THE TASK: Go through the data below and work out how many lines contain "epow"; the answer is the number alone.

[EXCERPTED DATA Boundary: Start]

(* Let $p$ be an odd prime, $m$ a positive integer, and let $1,\alpha,\beta\in\mathbb{F}_{p^m}$ be linearly independent over $\mathbb{F}_p$. Let $\eta$ be the quadratic character of $\mathbb{F}_{p^m}$ and $\epsilon_p=e^{2\pi i/p}$. If \[\Big|\sum_{y_1,y_2\in\mathbb{F}_p}\eta(1+y_1\alpha+y_2\beta)\,\epsilon_p^{-y_1y_2}\Big|\neq p,\] then the function $F:\mathbb{F}_{p^m}\times\mathbb{F}_p^2\to\mathbb{F}_p$, \[F(x,y_1,y_2)=\mathrm{Tr}_m(x^2)+\big(y_1+\mathrm{Tr}_m(\alpha x^2)\big)\big(y_2+\mathrm{Tr}_m(\beta x^2)\big),\] is a non-dual-bent function (i.e. $F$ is bent but its dual $F^*$ is not bent).
   Context: $\mathrm{Tr}_m$ is the absolute trace $\mathbb{F}_{p^m}\to\mathbb{F}_p$. Inner product on $\mathbb{F}_{p^m}\times\mathbb{F}_p^2$: $\langle (a,b_1,b_2),(x,y_1,y_2)\rangle=\mathrm{Tr}_m(ax)+b_1y_1+b_2y_2$. Walsh transform of $f:V\to\mathbb{F}_p$ ($\dim V=N$): $\widehat f(b)=\sum_{x\in V}\epsilon_p^{f(x)-\langle b,x\rangle}$; $f$ is bent if $|\widehat f(b)|=p^{N/2}$ for all $b$. For bent $f$ (odd $p$), $\widehat f(b)=\zeta_bp^{N/2}\epsilon_p^{f^*(b)}$ with $\zeta_b\in\{\pm1,\pm i\}$, defining the dual $f^*:V\to\mathbb{F}_p$. A bent function is dual-bent if $f^*$ is bent, and non-dual-bent otherwise. *)

From mathcomp Require Import all_boot all_order all_algebra all_field.
Set Implicit Arguments. Unset Strict Implicit. Unset Printing Implicit Defensive.
Import Order.TTheory GRing.Theory Num.Theory.
Local Open Scope ring_scope.

(* epsilon_p = e^{2 pi i / p} in algC: p.-root (-1) is the p-th root of -1
   of minimal non-negative argument, i.e. e^{i pi / p}; its square is e^{2 pi i/p}. *)
Definition eps (p : nat) : algC := (p.-root (-1)) ^+ 2.

Definition epow (p : nat) (a : 'F_p) : algC := eps p ^+ (val a).

Definition toL (L : finFieldType) (p : nat) (a : 'F_p) : L := (val a)%:R.

Definition trL (L : finFieldType) (p m : nat) (x : L) : L :=
  \sum_(i < m) x ^+ (p ^ i).

(* absolute trace as an element of F_p (the trace lies in the prime field) *)
Definition Tr (L : finFieldType) (p m : nat) (x : L) : 'F_p :=
  odflt 0 [pick k : 'F_p | toL L k == trL p m x].

Definition eta (L : finFieldType) (x : L) : algC :=
  if x == 0 then 0 else if [exists y : L, y ^+ 2 == x] then 1 else -1.

Definition V (L : finFieldType) (p : nat) := (L * ('F_p * 'F_p))%type.

Definition ip (L : finFieldType) (p m : nat) (u v : V L p) : 'F_p :=
  Tr p m (u.1 * v.1) + u.2.1 * v.2.1 + u.2.2 * v.2.2.

Definition walsh (L : finFieldType) (p m : nat) (f : V L p -> 'F_p) (b : V L p) : algC :=
  \sum_(x : V L p) epow (f x - ip m b x).

Definition bent (L : finFieldType) (p m : nat) (f : V L p -> 'F_p) : Prop :=
  forall b : V L p, `|walsh m f b| = sqrtC ((p ^ (m + 2))%:R).

(* dual: W_f(b) = zeta_b p^{N/2} eps^{f*(b)}, zeta_b in {1,-1,i,-i} *)
Definition dual (L : finFieldType) (p m : nat) (f : V L p -> 'F_p) (b : V L p) : 'F_p :=
  odflt 0 [pick k : 'F_p |
    [exists z : 'I_4, walsh m f b == ('i ^+ z) * sqrtC ((p ^ (m + 2))%:R) * epow k]].

Definition dual_bent (L : finFieldType) (p m : nat) (f : V L p -> 'F_p) : Prop :=
  bent m f /\ bent m (dual m f).

Definition non_dual_bent (L : finFieldType) (p m : nat) (f : V L p -> 'F_p) : Prop :=
  bent m f /\ ~ bent m (dual m f).

From mathcomp Require Import all_boot all_order all_algebra all_field.
From mathcomp Require Import ring cyclic.
Import Order.TTheory GRing.Theory Num.Theory.
Local Open Scope ring_scope.
Set Implicit Arguments. Unset Strict Implicit. Unset Printing Implicit Defensive.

[EXCERPTED DATA Boundary: End]

RESPONSE TO THE TASK: 3